We first create a JSON object that we will insert as a document into our database collection. Note that we have created a timestamp. Note also that we know nothing about the formatting of other documents in the collection. Do the other documents have a “fake” key? We don’t need to care. This is because MongoDB allows for flexible schema – it won’t complain if some documents contain certain keys and others don’t. In fact, MongoDB has an $exists operator you can use in queries to filter for documents that contain / do not contain a given key. When fetching a key’s value across a set of documents, if certain documents don’t contain the key, the null value will be returned for those documents.

db.materials.insert(material)
WriteResult({ "nInserted" : 1 })
db.materials.find({fake: true})
{ "_id" : ObjectId("570059a8dcc375fbe671e3a5"), "fake" : true, "elements" : [ "Na", "O" ], "band_gap" : 1.736, "last_updated" : ISODate("2016-04-02T23:45:14.274Z"), "spacegroup" : { "crystal_system" : "hexagonal", "number" : 189 } }

The inserted document is assigned a unique id that travels with the document. Note that the _id and last_updated values are displayed as special objects and not simply JSON values (e.g. simple numbers or strings). Under the hood, however, they are just JSON. For example, the _id value looks something like {$oid: "570059a8dcc375fbe671e3a5"}, i.e. a JSON document with a special $-prefixed key for a value.

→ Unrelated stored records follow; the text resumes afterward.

(* Write L^* = L o phi with phi (z, u) = (z, rho(z) u).  Since rho is holomorphic, so is phi,
   and the Wirtinger chain rule through phi has no d/dzbar terms: dL^*/dubar^b is
   conj(rho^j_b) (dL/detabar^j) o phi.  The factor conj(rho^j_b) is antiholomorphic and passes
   through d/du^a and d/dz^k, which then give
     g_{a bbar} = rho^i_a conj(rho^j_b) g_{i jbar},
     d^2 L^* / dz^k dubar^b = conj(rho^j_b) (d^2 L / dz^k detabar^j
                                            + u^c d_k rho^i_c g_{i jbar}).  Put K = conj(rho)^T g^T, so that the hypothesis on Y
   reads K Y = 0.  Splitting x = rho (R^-1 x)_top + Y (R^-1 x)_bottom and applying K shows
   that the top m rows of R^-1 are (K rho)^-1 K, while K rho is the transpose of g_{a bbar};
   the identity follows by applying this to x = g^{-T} (d^2 L / dz^k detabar) + u^c d_k rho_c. *)

From HB Require Import structures.
From mathcomp Require Import all_boot all_order all_algebra.
From mathcomp Require Import all_classical all_reals all_analysis.
From mathcomp Require Import complex.
From mathcomp Require Import ring.
Set Implicit Arguments. Unset Strict Implicit. Unset Printing Implicit Defensive.
Import Order.TTheory GRing.Theory Num.Theory.
Import numFieldNormedType.Exports.
Local Open Scope ring_scope.

(** * Real derivatives of complex-valued functions *)

Section ComplexValuedDerivative.
Variable R : realType.
Implicit Types (U V W : normedModType R).

Definition cdifferentiable V (f : V -> R[i]) :=
  forall p, differentiable (fun q => cre (f q)) p /\ differentiable (fun q => cim (f q)) p.

Lemma derive_comp U V W (g : V -> W) (f : U -> V) p v :
  differentiable f p -> differentiable g (f p) ->
  'D_v (g \o f) p = 'D_('D_v f p) g (f p).
Proof.
move=> df dg; rewrite !deriveE //; last exact: differentiable_comp.
by rewrite diff_comp.
Qed.

Lemma derive_pair U V W (f : U -> V) (g : U -> W) p v :
  differentiable f p -> differentiable g p ->
  'D_v (fun q => (f q, g q)) p = ('D_v f p, 'D_v g p).
Proof. by move=> df dg; rewrite !deriveE ?diff_pair //; exact: differentiable_pair. Qed.

Lemma linear_continuous_derive V W (f : V -> W) p :
  linear f -> continuous f -> differentiable f p /\ forall v, 'D_v f p = f v.
Proof.
move=> lf cf; pose fL : {linear V -> W} := HB.pack f (GRing.isLinear.Build _ _ _ _ _ lf).
have -> : f = fL by [].
have dfL : differentiable fL p by exact: linear_differentiable.
by split=> // v; rewrite deriveE // diff_lin.
Qed.

Lemma derive_dirD V (h : V -> R) p v w : differentiable h p ->
  'D_(v + w) h p = 'D_v h p + 'D_w h p.
Proof. by move=> dh; rewrite !(deriveE _ dh) linearD. Qed.

Lemma derive_dirZ V (h : V -> R) p (a : R) v : differentiable h p ->
  'D_(a *: v) h p = a * 'D_v h p.
Proof. by move=> dh; rewrite !(deriveE _ dh) linearZ. Qed.

Lemma Complex_product_rule (a b c d a' b' c' d' : R) :
  Complex (a * c' + c * a' - (b * d' + d * b')) (a * d' + d * a' + (b * c' + c * b')) =
  Complex a' b' * Complex c d + Complex a b * Complex c' d'.
Proof. by congr Complex; ring. Qed.

Section Rules.
Variable V : normedModType R.
Implicit Types f g : V -> R[i].

Lemma re_im_funD f g :
  (fun q => cre (f q + g q)) = (fun q => cre (f q)) + (fun q => cre (g q)) /\
  (fun q => cim (f q + g q)) = (fun q => cim (f q)) + (fun q => cim (g q)).
Proof. by split; apply: funext => q; rewrite ?fctE; case: (f q) (g q) => [? ?] [? ?]. Qed.

Lemma re_im_funM f g :
  (fun q => cre (f q * g q)) =
    (fun q => cre (f q)) * (fun q => cre (g q)) - (fun q => cim (f q)) * (fun q => cim (g q)) /\
  (fun q => cim (f q * g q)) =
    (fun q => cre (f q)) * (fun q => cim (g q)) + (fun q => cim (f q)) * (fun q => cre (g q)).
Proof. by split; apply: funext => q; rewrite ?fctE; case: (f q) (g q) => [? ?] [? ?]. Qed.

Lemma re_im_fun_conj f :
  (fun q => cre (conjc (f q))) = (fun q => cre (f q)) /\
  (fun q => cim (conjc (f q))) = - (fun q => cim (f q)).
Proof. by split; apply: funext => q; rewrite ?fctE; case: (f q). Qed.

Lemma cdifferentiable_cst (c : R[i]) : cdifferentiable (fun _ : V => c).
Proof. by move=> p; split; exact: differentiable_cst. Qed.

Lemma cD_cst (c : R[i]) p v : cD (fun _ : V => c) p v = 0.
Proof. by rewrite /cD !derive_cst. Qed.

Lemma cdifferentiableD f g :
  cdifferentiable f -> cdifferentiable g -> cdifferentiable (fun q => f q + g q).
Proof.
move=> df dg p; have [-> ->] := re_im_funD f g.
by have [? ?] := df p; have [? ?] := dg p; split; apply: differentiableD.
Qed.

Lemma cDD f g p v : cdifferentiable f -> cdifferentiable g ->
  cD (fun q => f q + g q) p v = cD f p v + cD g p v.
Proof.
move=> /(_ p) [? ?] /(_ p) [? ?]; rewrite /cD; have [-> ->] := re_im_funD f g.
by rewrite !deriveD //; exact: diff_derivable.
Qed.

Lemma cdifferentiableM f g :
  cdifferentiable f -> cdifferentiable g -> cdifferentiable (fun q => f q * g q).
Proof.
move=> df dg p; have [-> ->] := re_im_funM f g; have [? ?] := df p; have [? ?] := dg p.
by split; [apply: differentiableB|apply: differentiableD]; apply: differentiableM.
Qed.

Lemma cDM f g p v : cdifferentiable f -> cdifferentiable g ->
  cD (fun q => f q * g q) p v = cD f p v * g p + f p * cD g p v.
Proof.
move=> /(_ p) [df1 df2] /(_ p) [dg1 dg2]; rewrite /cD; have [-> ->] := re_im_funM f g.
have d1 : derivable (fun q => cre (f q)) p v by exact: diff_derivable.
have d2 : derivable (fun q => cim (f q)) p v by exact: diff_derivable.
have d3 : derivable (fun q => cre (g q)) p v by exact: diff_derivable.
have d4 : derivable (fun q => cim (g q)) p v by exact: diff_derivable.
rewrite (deriveB (derivableM d1 d3) (derivableM d2 d4)).
rewrite (deriveD (derivableM d1 d4) (derivableM d2 d3)).
rewrite (deriveM d1 d3) (deriveM d2 d4) (deriveM d1 d4) (deriveM d2 d3).
by case: (f p) (g p) => [a b] [c d]; exact: Complex_product_rule.
Qed.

It’s worth noting that the _id field is very, very likely to be unique (and is in fact guaranteed to be unique if a unique index is built for that field on the collection, which is default). It is a 12-byte BSON type constructed using:

  • a 4-byte value representing the seconds since the Unix epoch,
  • a 3-byte machine identifier,
  • a 2-byte process id, and
  • a 3-byte counter, starting with a random value.

This makes it reasonable to create documents in parallel without worrying about race conditions for increment-by-one id strategies. Furthermore, sorting on an _id field that stores ObjectId values is roughly equivalent to sorting by creation time (it’s not strict within a single second):

db.materials.findOne()._id.getTimestamp()
ISODate("2016-04-05T16:38:07Z")

Before we move on, let’s remove any/all fake documents in our collection (we’ll go over removal again later):

db.materials.remove({fake: true})
WriteResult({ "nRemoved" : 1 })

About those _ids

What are some properties of a generated MongoDB document _id (choose zero or more of the following)?

A. It can double as a “created-at” timestamp

B. It is guaranteed to be unique in the scope of the collection

C. It is valid JSON

Multiple insertion

What happens when you try to re-create and insert the example (fake) material document again?


  1. The intro to JSON here was taken from json.org.